Landlords can be waiting as long as four months for bailiffs appointed by the courts to evict their problem tenants. Some regions in the UK have a much higher rate of court claims and evictions than their neighbours. It’s not surprising that London is the capital of evictions, according to the Ministry of Justice figures. The lowest rates for repossessing properties are in the North East, West Midlands and South West.
As well as the length of time taken, the cost is staggering too. The average cost in both legal fees and lost rent is £4,341.22 for landlords who have to wait four months to get their problem tenants to leave. Last year, private landlords brought 21,439 possession claims to the courts. So this is a serious problem affecting many landlords. The loss of income overall runs into millions. This is bad for landlords, who are losing out on valuable income while the courts deal with the evictions, and for the wider economy. Much-needed rental properties are tied up without earning an income, which increases problems for young professionals looking to move house for a better job, for example.
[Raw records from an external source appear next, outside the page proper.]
Definition guarded_deduction_theorem L (V : algebra L -> Prop) : Prop :=
  exists (x1 x2 y1 y2 : nat) (zs : seq nat) (gamma phi : conj L),
  [/\ good_vars x1 x2 y1 y2 zs,
      conj_vars_in (in_vars x1 x2 y1 y2 zs) gamma,
      conj_vars_in (in_vars x1 x2 y1 y2 zs) phi &
  forall ws : seq nat, (forall n, n \in ws -> n \notin zs) ->
  forall s1 s2 t1 t2 : term L,
    vars_in (fun n => n \in ws) s1 -> vars_in (fun n => n \in ws) s2 ->
    vars_in (fun n => n \in ws) t1 -> vars_in (fun n => n \in ws) t2 ->
  forall pi : conj L, conj_vars_in (fun n => n \in ws) pi ->
  let sg := subst4 x1 x2 y1 y2 s1 s2 t1 t2 in
  (models V (fun A v => (conj_holds v pi /\ eval v t1 = eval v t2) ->
                        eval v s1 = eval v s2)
   <-> models V (fun A v => conj_holds v pi ->
         forall_vars zs v (fun v' => conj_holds v' (conj_subst sg gamma) ->
                                     conj_holds v' (conj_subst sg phi)))) /\
  (forall sigma : equation L, eq_vars_in (fun n => n \in ws) sigma ->
     (models V (fun A v => (conj_holds v pi /\ conj_holds v (conj_subst sg gamma)) ->
                           eq_holds v sigma)
      <-> models V (fun A v => conj_holds v pi -> eq_holds v sigma)))].

Definition parametrically_definable_principal_congruences L (V : algebra L -> Prop) : Prop :=
  exists (x1 x2 y1 y2 : nat) (zs : seq nat) (xi : qf L),
  [/\ good_vars x1 x2 y1 y2 zs,
      qf_vars_in (in_vars x1 x2 y1 y2 zs) xi &
  forall A : algebra L, V A -> forall a1 a2 b1 b2 : A,
    Cg b1 b2 a1 a2 <->
    (forall (B : algebra L) (h : A -> B), V B -> embedding h ->
       forall v : nat -> B, v x1 = h a1 -> v x2 = h a2 -> v y1 = h b1 -> v y2 = h b2 ->
       qf_holds v xi)].

From mathcomp Require Import all_boot.
From Stdlib Require List Classical ClassicalEpsilon.
From Stdlib Require FunctionalExtensionality PropExtensionality ProofIrrelevance.
Set Implicit Arguments. Unset Strict Implicit. Unset Printing Implicit Defensive.

(* Take xi := gamma -> phi. By Mal'cev's description of principal congruences,
   (a1, a2) is in Cg(b1, b2) iff some finite fragment pi of the diagram of A
   entails a1 = a2 from b1 = b2 in V.  Clause (i) of the guarded deduction
   theorem turns this into V |= pi -> forall zs, gamma -> phi, which transfers
   to every extension of A in V.  Conversely, freely adjoin to A generators for
   zs subject to gamma.  By clause (ii) this extension is conservative, so A
   embeds in it; there gamma holds, hence phi holds, which is witnessed by a
   finite fragment of the diagram, and clause (i) read backwards gives
   (a1, a2) in Cg(b1, b2). *)

Local Notation funext := FunctionalExtensionality.functional_extensionality.
Local Notation propext := PropExtensionality.propositional_extensionality.

Lemma mem_In (T : eqType) (x : T) (s : seq T) : x \in s -> List.In x s.
Proof. by elim: s => //= y s IH; rewrite inE => /orP [/eqP ->|/IH]; [left | right]. Qed.

Section Terms.
Variable L : language.

Lemma eval_eq_on (A : algebra L) (P : nat -> Prop) (v w : nat -> A) (t : term L) :
  vars_in P t -> (forall n, P n -> v n = w n) -> eval v t = eval w t.
Proof.
elim: t => [n|f args IH] /= Ht Hvw; first exact: Hvw.
by congr (op A f); apply: funext => i; apply: IH.
Qed.

Lemma eval_subst (A : algebra L) (v : nat -> A) (s : nat -> term L) (t : term L) :
  eval v (subst s t) = eval (fun n => eval v (s n)) t.
Proof. by elim: t => [n|f args IH] //=; congr (op A f); apply: funext => i. Qed.

Lemma conj_holds_eq_on (A : algebra L) (P : nat -> Prop) (v w : nat -> A) (c : conj L) :
  conj_vars_in P c -> (forall n, P n -> v n = w n) ->
  conj_holds v c <-> conj_holds w c.
Proof.
move=> Hc Hvw; split=> H e He; have [H1 H2] := Hc e He; have := H e He;
  by rewrite /eq_holds (eval_eq_on H1 Hvw) (eval_eq_on H2 Hvw).
Qed.

Lemma conj_holds_subst (A : algebra L) (v : nat -> A) (s : nat -> term L) (c : conj L) :
  conj_holds v (conj_subst s c) <-> conj_holds (fun n => eval v (s n)) c.
Proof.
split=> H e.
- by move=> He; have := H _ (List.in_map (eq_subst s) _ _ He); rewrite /eq_holds !eval_subst.
- by case/List.in_map_iff => e' [<- He']; rewrite /eq_holds !eval_subst; apply: H.
Qed.

Definition qf_conj (x : nat) (c : conj L) : qf L :=
  foldr (fun e p => QAnd (QEq e.1 e.2) p) (QEq (Var x) (Var x)) c.

Definition qf_imp (p q : qf L) : qf L := QOr (QNot p) q.

Lemma qf_holds_conj (A : algebra L) (v : nat -> A) x (c : conj L) :
  qf_holds v (qf_conj x c) <-> conj_holds v c.
Proof.
elim: c => [|e c IH] /=; first by split => // _ e [].
split=> [[He /IH Hc] e' [<-|He'] //|H]; first exact: Hc.
by split; [apply: H; left | apply/IH => e' He'; apply: H; right].
Qed.

Lemma qf_holds_imp (A : algebra L) (v : nat -> A) (p q : qf L) :
  qf_holds v (qf_imp p q) <-> (qf_holds v p -> qf_holds v q).
Proof.
split=> [[] //|H] /=.
by case: (Classical_Prop.classic (qf_holds v p)) => [/H|]; [right | left].
Qed.

Lemma qf_conj_vars (P : nat -> Prop) x (c : conj L) :
  P x -> conj_vars_in P c -> qf_vars_in P (qf_conj x c).
Proof.
move=> Hx; elim: c => [|e c IH] Hc //=.
have [H1 H2] := Hc e (or_introl erefl).
by split; [split | apply: IH => e' He'; apply: Hc; right].
Qed.

End Terms.

Section Quotient.
Variables (L : language) (T : algebra L) (th : T -> T -> Prop).
Hypothesis th_cong : congruence th.

Definition quot_carrier := {S : T -> Prop | exists t, S = th t}.

Definition cls (t : T) : quot_carrier := exist _ (th t) (ex_intro _ t erefl).

Definition repr (q : quot_carrier) : T :=
  proj1_sig (ClassicalEpsilon.constructive_indefinite_description _ (proj2_sig q)).

Lemma reprK q : cls (repr q) = q.
Proof.
case: q => S HS; rewrite /repr /=.
case: ClassicalEpsilon.constructive_indefinite_description => t /= Et; subst S.
by congr exist; apply: ProofIrrelevance.proof_irrelevance.
Qed.

Lemma cls_eq x y : cls x = cls y <-> th x y.
Proof.
case: th_cong => th_refl th_sym th_trans _; split.
- by move=> /(congr1 (@proj1_sig _ _)) /= ->; apply: th_refl.
- move=> Hxy; apply: ProofIrrelevance.ProofIrrelevanceTheory.subset_eq_compat.
  apply: funext => z; apply: propext.
  by split; apply: th_trans; [apply: th_sym|].
Qed.

Definition quot_alg : algebra L :=
  @Algebra L quot_carrier (fun f qs => cls (op T f (fun i => repr (qs i)))).

Lemma cls_op f (a : 'I_(ar f) -> T) : cls (op T f a) = op quot_alg f (fun i => cls (a i)).
Proof.
apply/cls_eq; case: th_cong => _ th_sym _ th_comp; apply: th_comp => // i.
by apply: th_sym; apply/cls_eq; rewrite reprK.
Qed.

Lemma eval_cls (s : nat -> T) (t : term L) :
  eval (fun n => cls (s n) : quot_alg) t = cls (eval s t).
Proof.
elim: t => [n|f args IH] //.
rewrite [RHS]/= cls_op; apply: (congr1 (op quot_alg f)).
by apply: funext => i; apply: IH.
Qed.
It’s not just a problem for a few landlords, as 0.5% of UK landlords will need to make a claim for an eviction, with London landlords being 3 times more likely to have to make a claim through the courts than their counterparts in the South West.
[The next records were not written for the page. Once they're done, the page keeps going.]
Lemma stabilizer_mem J x : is_ideal R J -> nonzero J ->
  (forall y, J y -> J (x * y)) -> R x.
Proof.
move=> HJ [d [Jd d0]] xJ; apply: (almost_integral_mem d0) => n.
rewrite mulrC; apply: (ideal_subring HJ).
by elim: n => [|n IH]; rewrite ?expr0 ?mul1r // exprS -mulrA; exact: xJ.
Qed.

Lemma nonzero_ideal_contains_prod J : is_ideal R J -> nonzero J ->
  exists2 ps, List.Forall (is_maximal_ideal R) ps & included (prod_elt ps) J.
Proof.
move: J; apply: noetherian_ind => J HJ IH nzJ.
case: (classic (J 1)) => [J1 | nJ1]; first by exists [::] => // _ ->.
case: (classic (is_prime_ideal R J)) => [primeJ | nprimeJ].
  exists [:: J]; first by constructor; [exact: Hdim | constructor].
  by move=> _ [x [_ [Jx [-> ->]]]]; rewrite mulr1.
have [b1 [b2 [Rb1 Rb2 Jb nJb1 nJb2]]] :
    exists b1 b2, [/\ R b1, R b2, J (b1 * b2), ~ J b1 & ~ J b2].
  apply: NNPP => none; apply: nprimeJ; split=> // x y Rx Ry Jxy.
  by apply: NNPP => /not_or_and [nJx nJy]; apply: none; exists x, y.
have enlarge b : R b -> ~ J b -> exists2 ps, List.Forall (is_maximal_ideal R) ps &
    included (prod_elt ps) (set_add J (set_scale b R)).
  move=> Rb nJb; have Hb := principal_ideal Rb.
  apply: IH (set_add_ideal HJ Hb) (included_set_addl (ideal0 Hb)) _ _.
    move=> sub; apply: nJb; apply: sub; exists 0, b; rewrite add0r.
    by split; [exact: ideal0 HJ | split=> //; exists 1; rewrite mulr1; split=> //; exact: subring1].
  by case: nzJ => x [Jx x0]; exists x; split=> //; exact: included_set_addl (ideal0 Hb) _ Jx.
have [ps1 max1 sub1] := enlarge _ Rb1 nJb1.
have [ps2 max2 sub2] := enlarge _ Rb2 nJb2.
exists (ps1 ++ ps2); first exact/List.Forall_app.
move=> _ /prod_elt_cat [_ [_ [/sub1 [z1 [_ [Jz1 [[r1 [Rr1 ->]] ->]]]]
  [/sub2 [z2 [_ [Jz2 [[r2 [Rr2 ->]] ->]]]] ->]]]].
have Rw : R (z1 + b1 * r1) by apply: subringD (ideal_subring HJ Jz1) (subringM Rb1 Rr1).
have -> : (z1 + b1 * r1) * (z2 + b2 * r2) =
    (z1 + b1 * r1) * z2 + (b2 * r2) * z1 + (r1 * r2) * (b1 * b2) by ring.
apply: (idealD HJ _ (idealM HJ (subringM Rr1 Rr2) Jb)).
exact: (idealD HJ (idealM HJ Rw Jz2) (idealM HJ (subringM Rb2 Rr2) Jz1)).
Qed.

(* Take [0 != a \in p] and a shortest product of maximal ideals inside [aR]; one
   factor is [p], and an element [u] of the product of the others outside [aR]
   gives [x = u / a]. *)
Lemma maximal_ideal_inverse_nontrivial p : is_maximal_ideal R p -> nonzero p ->
  exists x, ~ R x /\ forall y, p y -> R (x * y).
Proof.
move=> maxp [a [pa a0]].
have Ra := ideal_subring maxp.1 pa.
have aR_p : included (set_scale a R) p.
  by move=> _ [r [Rr ->]]; rewrite mulrC; exact: (idealM maxp.1 Rr pa).
have aR_nz : nonzero (set_scale a R).
  by exists a; split=> //; exists 1; rewrite mulr1; split=> //; exact: subring1.
have [ps maxps sub_a] := nonzero_ideal_contains_prod (principal_ideal Ra) aR_nz.
have [n] := ubnP (size ps); elim: n ps maxps sub_a => // n IH ps maxps sub_a size_ps.
have idps := List.Forall_impl _ (fun q (maxq : is_maximal_ideal R q) => maxq.1) maxps.
have [s1 [p' [s2 [Eps p'p]]]] := prime_contains_factor (maximal_ideal_prime maxp) idps
  (fun u pu => aR_p _ (sub_a u pu)).
move: maxps; rewrite Eps => /List.Forall_app [max1 /List.Forall_cons_iff [maxp' max2]].
have pp' : included p p' by case: (maxp'.2.2 p maxp.1 p'p) => // p1; case: maxp.2.1.
case: (classic (included (prod_elt (s1 ++ s2)) (set_scale a R))) => [sub12 | nsub12].
  apply: (IH (s1 ++ s2)) => //; first exact/List.Forall_app.
  by rewrite size_cat; move: size_ps; rewrite Eps size_cat /= addnS ltnS.
have [u [pu nu]] : exists u, prod_elt (s1 ++ s2) u /\ ~ set_scale a R u.
  by apply: NNPP => none; apply: nsub12 => u pu; apply: NNPP => nu; apply: none; exists u.
exists (u / a); split.
  by move=> Rx; apply: nu; exists (u / a); rewrite mulrCA mulfV ?mulr1.
move=> y py.
have [r [Rr Er]] : set_scale a R (y * u).
  by apply: sub_a; rewrite Eps; exact: prod_elt_insert pu (pp' _ py).
by rewrite mulrAC [u * y]mulrC Er mulrAC mulfV // mul1r.
Qed.

(* Noetherian induction: for a maximal counterexample [J], the ideal [J + xJ]
   with [x] from [maximal_ideal_inverse_nontrivial] is strictly larger, since
   [xJ <= J] would make [x] integral. *)
Lemma nonzero_ideal_invertible J : is_ideal R J -> nonzero J -> invertible_ideal J.
Proof.
move: J; apply: noetherian_ind => J HJ IH nzJ.
case: (classic (J 1)) => [J1 | nJ1].
  exists [:: (1, 1)]; last by rewrite big_seq1 mulr1.
  by move=> t; rewrite inE => /eqP -> /=; split=> // y /(ideal_subring HJ); rewrite mul1r.
have [p maxp Jp] := proper_ideal_sub_maximal HJ nJ1.
have nzp : nonzero p by case: nzJ => y [Jy y0]; exists y; split=> //; exact: Jp.
have [x [nRx xp]] := maximal_ideal_inverse_nontrivial maxp nzp.
have HxJ := set_scale_ideal HJ (fun y Jy => xp y (Jp y Jy)).
apply: invertible_ideal_of_add_scale (ideal0 HJ) _.
apply: IH (set_add_ideal HJ HxJ) (included_set_addl (ideal0 HxJ)) _ _.
  move=> sub; apply: nRx; apply: (stabilizer_mem HJ nzJ) => y Jy; apply: sub.
  by exists 0, (x * y); rewrite add0r; split; [exact: ideal0 HJ | split=> //; exists y].
by case: nzJ => y [Jy y0]; exists y; split=> //; exact: included_set_addl (ideal0 HxJ) _ Jy.
Qed.

End Dedekind.
End Noetherian.
End SubringsOfAField.

Lemma exists_coordinate (F : fieldType) (V : vectType F) (v : V) : v != 0 ->
  exists phi : V -> F, [/\ {morph phi : x y / x + y},
    forall a x, phi (a *: x) = a * phi x & phi v = 1].
Proof.
move=> v0; pose X := vbasis (fullv : {vspace V}).
case: (pickP (fun i => coord X i v != 0)) => [i /= ci | all0]; last first.
  case/negP: v0; apply/eqP; rewrite (coord_vbasis (memvf v)) big1 // => i _.
  by move/negbFE/eqP: (all0 i) ->; rewrite scale0r.
exists (fun x => (coord X i v)^-1 * coord X i x); split.
- by move=> x y; rewrite linearD mulrDr.
- by move=> a x; rewrite linearZ mulrCA.
- by rewrite mulVf.
Qed.

Section OverADedekindDomain.
Variables (M : fieldType) (L : fieldExtType M) (OM : M -> Prop).
Hypothesis HOM : is_dedekind OM.
Hypothesis HMf : forall x, in_frac_field OM x.

Lemma scalar_mem_of_fg_module n (b : 'I_n -> L) (OL : L -> Prop) (c : M) :
  is_subring OL ->
  (forall x, OL x -> exists e : 'I_n -> M, (forall k, OM (e k)) /\ x = \sum_k e k *: b k) ->
  OL c%:A -> OM c.
Proof.
have [HMs HMn HMic _] := HOM.
move=> HLs OLspan OLc.
have [phi [phiD phiZ phi1]] := exists_coordinate (oner_neq0 L).
have phi0 : phi 0 = 0 by have := phiZ 0 0; rewrite scale0r mul0r.
have [d [d0 OMd OMdphi]] := common_denominator HMs HMf (fun k => phi (b k)).
apply: (almost_integral_mem HMs HMn HMic HMf d0) => m.
have /OLspan [e [OMe Ecm]] : OL (c ^+ m)%:A.
  by rewrite (rmorphXn (in_alg L) m c : (c ^+ m)%:A = c%:A ^+ m); exact: subringX.
have -> : c ^+ m = \sum_k e k * phi (b k).
  rewrite -[c ^+ m]mulr1 -phi1 -phiZ Ecm (big_morph phi phiD phi0).
  by apply: eq_bigr => k _; rewrite phiZ.
rewrite mulr_sumr; apply: (subring_sum HMs) => k _; rewrite mulrCA.
exact: (subringM HMs (OMe k) (OMdphi k)).
Qed.

Lemma invertible_line_projective (J : M -> Prop) (A : L -> Prop) (w : L) :
  w != 0 -> is_ideal OM J -> invertible_ideal OM J ->
  (forall x, A x <-> exists2 c, J c & x = c *: w) -> fg_projective OM A.
Proof.
move=> w0 HJ [s dual_s sum_s] Aw.
have [phi [phiD phiZ phiw]] := exists_coordinate w0.
have phiA x : A x -> J (phi x) /\ x = phi x *: w.
  by case/Aw=> c Jc ->; rewrite phiZ phiw mulr1.
pose u (k : 'I_(size s)) := (nth (0, 0) s k).1.
pose a (k : 'I_(size s)) := (nth (0, 0) s k).2.
have dual_k (k : 'I_(size s)) := dual_s _ (mem_nth (0, 0) (ltn_ord k)).
exists (size s), (fun x k => u k * phi x), (fun e => (\sum_k e k * a k) *: w).
split; [|split; [|split; [|split; [|split; [|split]]]]].
- by move=> x /phiA [Jx _] k; exact: (dual_k k).2.
- move=> e OMe; apply/Aw; exists (\sum_k e k * a k) => //.
  by apply: (ideal_sum HJ) => k _; exact: (idealM HJ (OMe k) (dual_k k).1).
- by move=> x y _ _; apply: functional_extensionality => k; rewrite phiD mulrDr.
- by move=> c x _ _; apply: functional_extensionality => k; rewrite phiZ mulrCA.
- move=> e e' _ _; rewrite -scalerDl -big_split; congr (_ *: _).
  by apply: eq_bigr => k _; rewrite mulrDl.
- move=> c e _ _; rewrite scalerA mulr_sumr; congr (_ *: _).
  by apply: eq_bigr => k _; rewrite mulrA.
- move=> x /phiA [_ {2}->]; congr (_ *: _).
  rewrite -[RHS]mulr1 -sum_s (big_nth (0, 0)) big_mkord mulr_sumr.
  by apply: eq_bigr => k _; rewrite mulrAC mulrC.
Qed.

(* After clearing the denominators of the [g k] by [d], [A] is [J (v / d)] for the
   integral ideal [J] spanned by the [d * g k], which is invertible. *)
Lemma span_line_projective (A : L -> Prop) (v : L) n (g : 'I_n -> M) :
  v != 0 -> (exists2 x, A x & x != 0) ->
  (forall x, A x <-> exists2 e : 'I_n -> M,
     forall k, OM (e k) & x = (\sum_k e k * g k) *: v) ->
  fg_projective OM A.
Proof.
have [HMs HMn HMic HMd] := HOM.
move=> v0 [x0 Ax0 x00] Aspan.
have [d [d0 OMd OMdg]] := common_denominator HMs HMf g.
pose w := d^-1 *: v.
have w0 : w != 0 by rewrite scaler_eq0 invr_eq0 negb_or d0.
have HJ := span_ideal_ideal HMs OMdg.
have Aw x : A x <-> exists2 c, span_ideal OM (fun k => d * g k) c & x = c *: w.
  have clear_d e : (\sum_k e k * g k) *: v = (\sum_k e k * (d * g k)) *: w.
    rewrite /w scalerA; congr (_ *: _); rewrite mulr_suml; apply: eq_bigr => k _.
    by rewrite mulrCA [RHS]mulrC mulKf.
  rewrite Aspan; split=> [[e OMe ->] | [_ [e OMe ->] ->]].
    by exists (\sum_k e k * (d * g k)); [exists e | exact: clear_d].
  by exists e; rewrite ?clear_d.
apply: (invertible_line_projective w0 HJ _ Aw).
apply: (nonzero_ideal_invertible HMs HMn HMic HMf HMd HJ).
have /Aw [c Jc Ec] := Ax0; exists c; split=> //.
by apply: contraNneq x00; rewrite Ec => ->; rewrite scale0r.
Qed.

End OverADedekindDomain.

Section QuadraticExtension.
Variables (M : fieldType) (L : fieldExtType M) (sigma : {rmorphism L -> L}).
Hypothesis sigma_scalar : forall c : M, sigma c%:A = c%:A.
Hypothesis dimL : \dim {:L} = 2%N.

Definition atr x := x - sigma x.

Lemma sigmaZ c x : sigma (c *: x) = c *: sigma x.
Proof. by rewrite -mulr_algl rmorphM sigma_scalar mulr_algl. Qed.

Lemma atrD x y : atr (x + y) = atr x + atr y.
Proof. by rewrite /atr rmorphD opprD addrACA. Qed.

Lemma atr_scalar c : atr c%:A = 0.
Proof. by rewrite /atr sigma_scalar subrr. Qed.

Lemma atr_sum n (e : 'I_n -> M) (w : 'I_n -> L) :
  atr (\sum_k e k *: w k) = \sum_k e k *: atr (w k).
Proof.
by rewrite /atr rmorph_sum -sumrB; apply: eq_bigr => k _; rewrite sigmaZ scalerBr.
Qed.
It takes an average of 118 days for bailiffs appointed by the courts to remove the tenants in question, after landlords bring a successful claim to court. This doesn’t represent the full picture either, because 27% of claims are not granted an order, either because they are settled out of court or the judge has rejected them. The number of repossession claims has risen over time, but that could be due to the fact there are more rental properties. The number of claims which end up in the hands of court bailiffs is also rising.
It is a lengthy process and there are calls for special housing courts to be set up in a bid to speed up the process. At present a landlord or mortgage lender first makes a claim. This claim is then issued by the relevant county court and a hearing set. This could result in a suspended order for repossession; an immediate order for repossession; or no order being issued. For successful orders, a possession warrant is then given and implemented by the bailiffs.